The International Literacy Association (ILA), formerly the International Reading Association (IRA), is an international global advocacy and member professional organization that was created in 1956 to improve reading instruction, facilitate dialogue about research on reading, and encourage the habit of reading across the globe.

The organization is headquartered in Newark, Delaware, United States, with a network of more than 7.000.000 literacy educators, researchers, and experts across 128 countries, and more than 1,250 councils and affiliates worldwide. Membership fees range from US$39 to US$44, plus costs for optional journal subscriptions. Discounted subscription rates are available for residents of developing economies. The current ILA President of the Board is Dr. Kenneth Kunz.

Publishing

ILA officially ended its book publishing program on June 30, 2018. However, the Association continues to publish journals, its membership magazine, literacy briefs, and other literacy-focused texts.

ILA publishes three academic journals:

 The Reading Teacher—for those working with children to age 12
 Journal of Adolescent & Adult Literacy—for teachers of older learners
 Reading Research Quarterly—publishes contributions in literacy research

Reading Online, an e-journal, sponsored by the organization, was retired in 2005.

Literacy Today (formerly titled Reading Today), ILA’s membership magazine, was published from 1983 to 2011 as a bimonthly membership newspaper. From the 2011 August/September issue forward, the publication was split into two parts: a bimonthly print magazine and an interactive digital e-zine. Literacy Today is currently an online-only quarterly magazine.

ILA publishes position statements and literacy briefs  that advance thought leadership for the literacy profession and shaping sound public policy on education.

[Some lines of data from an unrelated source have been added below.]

Lemma Ddet_zero0_mult4 : g = a -> zero_of_mult D 0 4.
Proof.
move=> g_eq_a; exists (fun w => 8 / denom w ^+ 2); split.
- near=> w; have [Rp Rm] : 0 < complex.Re (splus w) /\ 0 < complex.Re (sminus w).
    by near: w; exact: Re_gt0_near0.
  apply: derivableM; first exact: (derivable_cst (8 : R[i]^o)).
  apply: derivableV; first by rewrite expf_neq0 // (denom_neq0 w Rp Rm).
  by have := @derivableX _ _ _ 2 _ _ (derivable_denom w Rp Rm).
- by rewrite denom0 !mulf_neq0 ?invr_neq0 ?expf_neq0 ?pnatr_eq0 ?fmorph_eq0 // lt0r_neq0.
- near=> w; have [Rp Rm] : 0 < complex.Re (splus w) /\ 0 < complex.Re (sminus w).
    by near: w; exact: Re_gt0_near0.
  have dn := denom_neq0 w Rp Rm.
  by rewrite subr0 (exprM w 2 2) Ddet_factor g_eq_a (sqr_eq_denom w); field.
Unshelve. all: by end_near. Qed.

End Determinant.

Theorem theoremA5 (R : realType) (a C a' : R) (ha : 0 < a) (hC : 0 < C) :
  let D := Ddet a C a' in
  let l2 := `|lambda2 a C a'| in
  (* (i) *)
  (a' < a / (Num.sqrt 2 * C ^+ 2) ->
     (forall lam, in_domain a lam -> (D lam = 0 <-> lam = 0))
     /\ zero_of_mult D 0 2) /\
  (* (ii) *)
  (a / (Num.sqrt 2 * C ^+ 2) <= a' < a / C ^+ 2 ->
     (forall lam, in_domain a lam ->
        (D lam = 0 <-> [\/ lam = 0, lam = 'i * l2 | lam = - ('i * l2)]))
     /\ zero_of_mult D 0 2) /\
  (* (iii) *)
  (a' = a / C ^+ 2 ->
     (forall lam, in_domain a lam -> (D lam = 0 <-> lam = 0))
     /\ zero_of_mult D 0 4) /\
  (* (iv) *)
  (a / C ^+ 2 < a' ->
     (forall lam, in_domain a lam ->
        (D lam = 0 <-> [\/ lam = 0, lam = l2 | lam = - l2]))
     /\ zero_of_mult D 0 2
     /\ (exists x : R, 0 < x /\ D x%:C = 0)).
Proof.
move=> D l2; rewrite {}/D {}/l2.
have C2_gt0 : 0 < C ^+ 2 by rewrite exprn_gt0.
have s2C2_gt0 : 0 < Num.sqrt 2 * C ^+ 2 by rewrite mulr_gt0 ?sqrtr_gt0.
have gamma2_sqrt2 : gamma2 C a' * Num.sqrt 2 = a' * (Num.sqrt 2 * C ^+ 2).
  by rewrite /gamma2; ring.
(* The zeros are determined on all of C. *)
split; [|split; [|split]].
- rewrite ltr_pdivlMr // -gamma2_sqrt2 => g_small.
  split=> [lam _|]; first exact: Ddet_eq0_only0 ha lam (or_introl g_small).
  apply: Ddet_zero0_mult2 => //; apply: contraTneq g_small => ->.
  by rewrite -leNgt; apply: ler_peMr; [exact: ltW ha | exact: sqrt2_ge1].
- rewrite ler_pdivrMr // ltr_pdivlMr // -gamma2_sqrt2 => /andP[g_adm g_lt_a].
  split=> [lam _|]; first exact: Ddet_eq0_imag ha lam g_adm (ltW g_lt_a).
  by apply: Ddet_zero0_mult2 => //; rewrite lt_eqF.
- move=> a'E; have g_eq_a : gamma2 C a' = a by rewrite /gamma2 a'E divfK ?gt_eqF.
  split=> [lam _|]; first exact: Ddet_eq0_only0 ha lam (or_intror g_eq_a).
  exact: Ddet_zero0_mult4 ha g_eq_a.
- rewrite ltr_pdivrMr // => a_lt_g.
  split=> [lam _|]; first exact: Ddet_eq0_real ha lam a_lt_g.
  split; last exact: Ddet_pos_root ha a_lt_g.
  by apply: Ddet_zero0_mult2 => //; rewrite gt_eqF.
Qed.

Standards for the Preparation of Literacy Professionals 2017 
ILA champions rigorous research as the foundation for literacy leadership and as such developed research-based standards for preparing and certifying literacy professionals: Standards for the Preparation of Literacy Professionals 2017 (Standards 2017).

Annual Conference 
ILA hosts an annual professional development conference for educators, from classroom teachers and librarians to specialized literacy professionals, administrators, and principals.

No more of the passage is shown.